Step 4. Add Laplace noise:
- In this step, the differential privacy guarantee is achieved through input perturbation, i.e., Laplace noise is directly added to the features of the dataset before they are used for machine learning tasks. This ensures that the original data cannot be reverse-engineered while still allowing subsequent steps, such as feature selection and dimensionality reduction, to operate on privatized inputs.
  For a dataset D, any query $Q : D \to R$ can satisfy $ϵ$ -differential privacy as long as it satisfies the following algorithm M:
  
  $\begin{matrix} M (D) = Q (D) + L a p l a c e (△ / ϵ), \end{matrix}$
  
  where △ denotes the global sensitivity of the query Q, defined as
  
  $△ = max_{D, D^{'}} | | Q (D) - Q (D^{'}) {| |}_{1},$
  
  with D and $D^{'}$ being two neighboring datasets differing in one record. In this work, $∆$ is determined based on the $L_{1}$ sensitivity of each feature attribute. The scale parameter $λ = ∆ / ϵ$ is then used to sample from the Laplace distribution.
  
  $p (x | λ) = \frac{1}{2 λ} e^{- | x | / λ} .$
  
  Regarding privacy budget allocation, when multiple stages (feature selection, dimensionality reduction, and noise addition) access the raw data, we adopt a sequential composition framework.
Step 5. Compare the training and prediction time and accuracy:
- We employ a support vector machine (SVM) classifier to assess the performance of the aforementioned dimensionality reduction methods. The experimental process first preprocesses the original data, including standardization and data segmentation into training and test sets. Importantly, all dimensionality reduction methods (PCA, t-SNE, and UMAP) are fit only on the training set. The learned transformation from the training set is then applied to the test set to ensure unbiased evaluation and avoid inflating performance metrics. The converted features are input into the SVM model for training.
  We use the same SVM parameter settings for each method and evaluate model performance on the same test set. The comparison indicators include classification accuracy and computational time for training and prediction.
  Logistic regression and decision trees can also be employed as classifiers to assess the performance of the aforementioned dimensionality reduction methods. However, they are not the goal of this study.

4. Experiments

This study employs feature screening and feature extraction methods to enhance the performance of differential privacy in machine learning. In the feature screening part, this study employs correlation analysis and feature importance to identify features with high correlation but low feature importance, thereby reducing the size and complexity of the data. In the feature extraction part, this study utilizes UMAP as a dimensionality reduction method to further reduce the time required for data addressing in machine learning and increase the density of data in space. The experiments are conducted on a host system running Windows 11, equipped with an Intel Core i5-14500 processor and 32 GB of memory.

4.1. Evaluation Criteria

The primary purpose of this method is to enhance the performance of differential privacy in machine learning. Its performance evaluation criteria are divided into the following two parts:

1.

Total computational time

This research method primarily consists of the following four parts: correlation analysis, feature screening, feature extraction, and noise addition.
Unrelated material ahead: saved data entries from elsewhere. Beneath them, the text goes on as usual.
(* For every forward trie $\mathsf{T}_f$ with $n$ nodes, over any alphabet, the suffix array of $\mathsf{T}_f$ has size $O(n^2)$. Moreover, there exist forward tries $\mathsf{T}_f$ with $n$ nodes, for arbitrarily large $n$ and over an alphabet of constant size, whose suffix array has size $\Omega(n^2)$.
   Context: An alphabet $\Sigma$ is a finite ordered set of characters. A forward trie $\mathsf{T}_f$ is a rooted tree with $n$ nodes in which every edge is directed from parent to child and labeled by a single character of $\Sigma$, such that the edges leaving any node carry pairwise distinct labels. For nodes $u,v$ with $u$ an ancestor of $v$ (possibly $u=v$), $\mathrm{str}_f(u,v)$ is the string of labels read along the downward path from $u$ to $v$. Define $\mathrm{Suffix}(\mathsf{T}_f)=\{\mathrm{str}_f(u,\ell): \ell \text{ a leaf},\ u \text{ an ancestor of } \ell\}$. For a finite set $S$ of strings, its compact tree is obtained from the trie of all prefixes of strings in $S$ by deleting every non-root node that has exactly one child and merging its two incident edges into one edge labeled by the concatenation of their labels. The suffix tree $\mathsf{STree}(\mathsf{T}_f)$ is the compact tree of $\mathrm{Suffix}(\mathsf{T}_f)$. The suffix array of $\mathsf{T}_f$ is the array listing the leaves of $\mathsf{STree}(\mathsf{T}_f)$ in lexicographic order of the strings they spell; its size is the number of leaves of $\mathsf{STree}(\mathsf{T}_f)$. *)

From mathcomp Require Import all_boot.
Set Implicit Arguments. Unset Strict Implicit. Unset Printing Implicit Defensive.

(* A forward trie is represented by the (duplicate-free) list of the strings
   spelled from the root to each of its nodes: since edges leaving a node carry
   pairwise distinct labels, a node is determined by this string, and the set
   of such strings is nonempty (contains the root's string [::]) and closed
   under prefixes.  The number of nodes n is [size T]. *)
Definition is_trie (Sigma : eqType) (T : seq (seq Sigma)) : bool :=
  [&& uniq T, [::] \in T & all (fun w => all (fun k => take k w \in T) (iota 0 (size w))) T].

Section Suffix.
Variable Sigma : eqType.
Implicit Types (T S : seq (seq Sigma)) (u v w : seq Sigma).

Definition ancestor u v := prefix u v.

(* str_f(u,v) for an ancestor u of v: labels along the downward path. *)
Definition str_f u v := drop (size u) v.

Definition trie_leaves T : seq (seq Sigma) :=
  [seq l <- T | ~~ has (fun v => (v != l) && ancestor l v) T].

Definition Suffix T : seq (seq Sigma) :=
  undup (flatten [seq [seq str_f u l | u <- T & ancestor u l] | l <- trie_leaves T]).

Definition prefix_trie S : seq (seq Sigma) :=
  undup [seq take k s | s <- S, k <- iota 0 (size s).+1].

Definition nchildren S p : nat :=
  count (fun q => (size q == (size p).+1) && prefix p q) (prefix_trie S).

(* Nodes of the compact tree of S: the root together with the nodes of the
   prefix trie that do not have exactly one child (the deleted nodes are the
   non-root nodes with exactly one child). *)
Definition compact_nodes S : seq (seq Sigma) :=
  [seq p <- prefix_trie S | (p == [::]) || (nchildren S p != 1)].

Definition compact_leaves S : seq (seq Sigma) :=
  [seq p <- compact_nodes S |
     ~~ has (fun q => (q != p) && prefix p q) (compact_nodes S)].

(* STree(T_f) is the compact tree of Suffix(T_f); the suffix array lists its
   leaves, so its size is the number of leaves. *)
Definition suffix_array_size T : nat := size (compact_leaves (Suffix T)).

End Suffix.

From mathcomp Require Import all_boot zify.
Set Implicit Arguments. Unset Strict Implicit. Unset Printing Implicit Defensive.

(* A leaf of the compact tree of a set S of strings is a node of
   the prefix trie with no proper extension there; taking a longest string of
   S extending it shows that it is itself a string of S.  So the suffix array
   has at most |Suffix(T_f)| entries, and Suffix(T_f) consists of the strings
   str_f(u, l), at most n choices for each of the (at most n) leaves l:
   the suffix array of an n-node trie has size at most n^2.
   Lower bound.  Over the binary alphabet take the "comb" trie whose leaves
   are 0^N 1 0^j 1 for j <= N: a spine 0^N 1 0^N 1 with N + 1 leaves hanging
   off it, so it has at most 3N + 4 nodes.  Its suffixes include the (N + 1)^2
   distinct strings 0^i 1 0^j 1, and every suffix has at most two 1s and ends
   with its second 1 if it has one; hence no suffix properly extends
   0^i 1 0^j 1, which is therefore a leaf of the suffix tree.  This gives at
   least (N + 1)^2 >= n^2 / 16 leaves. *)

Section CompactTree.
Variable Sigma : eqType.
Implicit Types (S : seq (seq Sigma)) (p q s t : seq Sigma).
These steps will generate different computational times depending on the size of the dataset or the number of features. Therefore, we will evaluate whether this research method can reduce the training time of machine learning compared with the method using PCA and t-SNE, and we will determine the impact of different feature numbers and data sizes on computational time. This study will compare the following under the same privacy budget and the same model:

(a): The computational time of the t-SNE, UMAP, and PCA methods on the same dataset.
(b): Changes in computational time of the t-SNE, UMAP, and PCA methods on datasets with different features and data amounts.

2.

Model accuracy

To protect data privacy, noise is added to the original dataset. Although this method can protect data privacy, the accuracy of the machine learning model will decrease. Therefore, to understand the impact of this method and PCA and t-SNE methods on the accuracy of differential privacy machine learning models, as well as the impact of different feature numbers and data amounts on accuracy, the following are compared under the same privacy budget and the same model:

(a): Accuracy and mean square error (MSE) of the t-SNE, UMAP, and PCA methods on different datasets.
(b): The changes in accuracy and mean square error (MSE) of the t-SNE, UMAP, and PCA methods on datasets with different feature data sizes.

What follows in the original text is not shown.